It's worth pointing out that in a standard stakeholder-owner/management relationship, these layoffs are exactly what stakeholders WANT their proxies (ie - company officers and board) to do. They raise stock value, or at least keep it stable if revnues are falling. Improving stock value is the job description of the officers and board. That's it. Not preserving human equity. Not even providing quality product.
This is not my defense of the corporate model, by the way. Just my observation. In my experience, the dissonance we feel that focuses so heavily on the corporate officers and boards is often (not always) misplaced. The real culprit is impersonal, and hard to direct blame at.
Street-level employees typically work at a company like an RPG company (as distinct from, say, fast food) because they have some desire, or passion, for what the job entails. They write, and design, and work like demons, and have a ball doing it because it's what they love.

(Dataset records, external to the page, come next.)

Lemma exists_prime_nonroot q (D : nat) :
  q != 0 -> exists2 p, prime p & (D <= p)%N /\ ~~ root q p%:R.
Proof.
move=> nz_q.
have primes_above m : exists s : seq nat,
    [/\ size s = m, uniq s & all (fun p => prime p && (D <= p)%N) s].
  elim: m => [|m [s [<- us ps]]]; first by exists [::].
  have [p lt_p pr_p] := prime_above (maxn D (\max_(x <- s) x)).
  have notin_s : p \notin s.
    apply/negP => /(@leq_bigmax_seq _ _ xpredT id) /(_ isT) le_p.
    by move: lt_p; rewrite gtn_max => /andP[_]; rewrite ltnNge le_p.
  exists (p :: s); rewrite /= us notin_s pr_p ps /= andbT; split=> //.
  by rewrite ltnW // (leq_ltn_trans (leq_maxl _ _) lt_p).
have [s [size_s us ps]] := primes_above (size q).
have /allPn[p ps_p nroot_p] : ~~ all (fun k => root q k%:R) s.
  by apply: contra nz_q => /(poly_eq0_nat_roots us); rewrite size_s leqnn => ->.
by have /andP[pr_p le_Dp] := allP ps p ps_p; exists p.
Qed.

End NatRoots.

Lemma leq_bin_exp x i : ('C(x, i) <= x ^ i)%N.
Proof.
apply: (@leq_trans (x ^_ i)); first by rewrite -bin_ffact leq_pmulr ?fact_gt0.
have -> : (x ^ i = \prod_(j < i) x)%N by rewrite prod_nat_const card_ord.
by rewrite ffact_prod; apply: leq_prod => j _; apply: leq_subr.
Qed.

Section IntValued.
Variable R : numDomainType.
Implicit Type f : {poly R}.

Definition int_valued f := forall k : nat, exists z : int, f.[k%:R] = z%:~R.

Definition fdiff f := f \Po ('X + 1) - f.

Lemma horner_fdiff f x : (fdiff f).[x] = f.[x + 1] - f.[x].
Proof. by rewrite hornerD hornerN horner_comp hornerD hornerX hornerC. Qed.

Lemma size_fdiff f d : (size f <= d.+1)%N -> (size (fdiff f) <= d)%N.
Proof.
move=> le_f_d; have size_shift : size (f \Po ('X + 1)) = size f.
  by rewrite size_comp_poly2 // size_XaddC.
apply/leq_sizeP => j le_d_j; rewrite coefB.
have [lt_d_j|le_j_d] := ltnP d j.
  by rewrite !nth_default ?subr0 ?size_shift // (leq_trans le_f_d).
have {le_d_j le_j_d}-> : j = d by apply/eqP; rewrite eqn_leq le_j_d le_d_j.
have [lt_f_d|] := ltnP (size f) d.+1.
  by rewrite !nth_default ?subr0 ?size_shift.
move=> le_d_f; have size_f : size f = d.+1 by apply/eqP; rewrite eqn_leq le_f_d.
have := lead_coef_comp f (q := 'X + 1); rewrite size_XaddC => /(_ isT).
by rewrite lead_coefXaddC expr1n mulr1 !lead_coefE size_shift size_f => ->; rewrite subrr.
Qed.

Lemma int_valued_fdiff f : int_valued f -> int_valued (fdiff f).
Proof.
move=> fZ k; have [z1 f1] := fZ k.+1; have [z0 f0] := fZ k.
by exists (z1 - z0); rewrite horner_fdiff natr1 f1 f0 rmorphB.
Qed.

Lemma int_valued_binomial f d : (size f <= d)%N -> int_valued f ->
  exists c : nat -> int, forall x : nat,
    f.[x%:R] = (\sum_(i < d) c i * 'C(x, i)%:Z)%:~R.
Proof.
elim: d f => [|d IHd] f le_f_d fZ.
  by exists (fun=> 0) => x; move/size_poly_leq0P: le_f_d => ->; rewrite big_ord0 horner0.
have [c dfE] := IHd _ (size_fdiff le_f_d) (int_valued_fdiff fZ).
have [z0 f0] := fZ 0%N.
exists (fun i => if i is i'.+1 then c i' else z0); elim=> [|x IHx].
  by rewrite f0 big_ord_recl bin0 mulr1 big1 ?addr0 // => i _; rewrite bin0n mulr0.
have -> : f.[x.+1%:R] = f.[x%:R] + (fdiff f).[x%:R] by rewrite horner_fdiff natr1 addrC subrK.
rewrite IHx dfE -rmorphD /= !big_ord_recl !bin0 -addrA -big_split /=.
by congr (_ + _)%:~R; apply: eq_bigr => i _; rewrite binS PoszD mulrDr.
Qed.

Lemma int_valued_congr_prime f p : prime p -> (size f <= p)%N -> int_valued f ->
  exists z : int, f.[p%:R] - f.[0] = (z * p%:Z)%:~R.
Proof.
move=> pr_p le_f_p fZ; have [c fE] := int_valued_binomial le_f_p fZ.
have /dvdzP[z zE] : (p%:Z %| \sum_(i < p) c i * ('C(p, i)%:Z - 'C(0, i)%:Z))%Z.
  apply: rpred_sum => [[[|i] lt_i_p] _]; first by rewrite !bin0 subrr mulr0 dvdz0.
  by rewrite bin0n subr0 dvdz_mull // dvdzE prime_dvd_bin.
exists z; change (f.[p%:R] - f.[0%:R] = (z * p%:Z)%:~R).
rewrite -zE !fE -rmorphB -sumrB.
by congr _%:~R; apply: eq_bigr => i _; rewrite mulrBr.
Qed.

Lemma int_valued_bound f d : (size f <= d.+1)%N -> int_valued f ->
  exists K : int, forall x : nat,
    exists2 z : int, f.[x%:R] = z%:~R & `|z| <= K * (x.+1 ^ d)%:Z.
Proof.
move=> le_f_d fZ; have [c fE] := int_valued_binomial le_f_d fZ.
exists (\sum_(i < d.+1) `|c i|) => x; exists (\sum_(i < d.+1) c i * 'C(x, i)%:Z) => //.
rewrite mulr_suml (le_trans (ler_norm_sum _ _ _)) // ler_sum // => i _.
rewrite normrM ler_wpM2l // ger0_norm // lez_nat (leq_trans (leq_bin_exp _ _)) //.
have le_x_xS : (x ^ i <= x.+1 ^ i)%N by case: (nat_of_ord i) => // j; rewrite leq_exp2r.
by rewrite (leq_trans le_x_xS) // leq_pexp2l // -ltnS.
Qed.

End IntValued.

Lemma horner_map_eval (R : comNzRingType) (P : {poly {poly R}}) (a : {poly R}) c :
  P.[a].[c] = (map_poly (horner_eval c) P).[a.[c]].
Proof. by rewrite -horner_evalE -horner_map /= horner_evalE. Qed.
(* Let $d\ge1$, $s\in(0,1)$ and $0<\lambda\le\Lambda$. There exist $C>0$ and $\gamma>0$, depending only on $d,s,\lambda,\Lambda$, with the following property. Let $K:\mathbb{R}^d\to\mathbb{R}$ be a measurable kernel with $\lambda|y|^{-d-s}\le K(y)\le\Lambda|y|^{-d-s}$ and $K(y)=K(-y)$ for all $y\ne0$. Let $E\subset\mathbb{R}^d$ be a Borel set, $x\in\partial E$ and $r>0$. If $|E\cap B_r(x)|\le\gamma|B_r|$, then \[ \int_{B_r(x)\setminus B_{r/2}(x)}\tilde\chi_E(y)K(x-y)\,dy\ge\frac{C}{r^s}. \]
   Context: $B_\rho(x)$ is the open ball of radius $\rho$ centred at $x$, $B_\rho=B_\rho(0)$, and $|F|$ denotes Lebesgue measure. $\tilde\chi_E=\chi_{\mathbb{R}^d\setminus E}-\chi_E$. *)

(* Euclidean space R^d is modelled as d.-tuple R,
   with the product (= Borel) sigma-algebra provided by MathComp-Analysis. *)
From HB Require Import structures.
From mathcomp Require Import all_boot all_order all_algebra.
From mathcomp Require Import all_classical all_reals all_analysis.
Set Implicit Arguments. Unset Strict Implicit. Unset Printing Implicit Defensive.
Import Order.TTheory GRing.Theory Num.Theory.
Local Open Scope classical_set_scope.
Local Open Scope ring_scope.

Section Rd.
Variable R : realType.

Definition tsub d (x y : d.-tuple R) : d.-tuple R :=
  [tuple tnth x i - tnth y i | i < d].

Definition enorm d (x : d.-tuple R) : R :=
  Num.sqrt (\sum_(i < d) tnth x i ^+ 2).

Definition eball d (x : d.-tuple R) (rho : R) : set (d.-tuple R) :=
  [set y | enorm (tsub y x) < rho].

Definition tzero d : d.-tuple R := [tuple 0 | _ < d].

(* Lebesgue measure on R^d (on Borel sets), defined as iterated product of
   the one-dimensional Lebesgue measure (Tonelli):
   leb_0 = Dirac mass at the unique point of R^0,
   leb_{n+1}(A) = \int_R leb_n({t | (x :: t) \in A}) dx. *)
Fixpoint lebRd (n : nat) : set (n.-tuple R) -> \bar R :=
  match n with
  | 0 => fun A => \d_([tuple] : 0.-tuple R) A
  | n'.+1 => fun A =>
      (\int[@lebesgue_measure R]_x @lebRd n' [set t | A (@cons_tuple n' R (x : R) t)])%E
  end.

The officers and board have little to nothing to do with any of that. What they do is largely accounting. They work in a world of numbers, where every staff member; every paycheck written, is a financial liability that reduces stock value. The odds are strong they don't know anyone by name outside their own circle. The employees are represented by a set of statistics that compare their value to the company (frequently very hard to quantify) with their liability to the company (very EASY to quantify).
Under those circumstances, it becomes easier to see why great people are laid off. It is, as the mobsters say, "just business." The owners of the company, the stockholders, are completely removed from the actual people who make the company run. Or, to put it better, from the labor that makes the company run. They don't know, don't care...they didn't invest in Hasbrow/WotC because they admire the work of Monte Cook and Ryan Dancy. They invested because its performance, by whatever metric they chose, looked good and they want a piece of that pie. In short...accounting.
The model is very effective at collecting large amounts of investment capital, which in some cases is an absolute requirement for a new venture...but it results in the schizophrenic, quasi-psychotic kind of corporate mentality whose pitfalls are well documented.
And it's why good people are laid off at Christmas.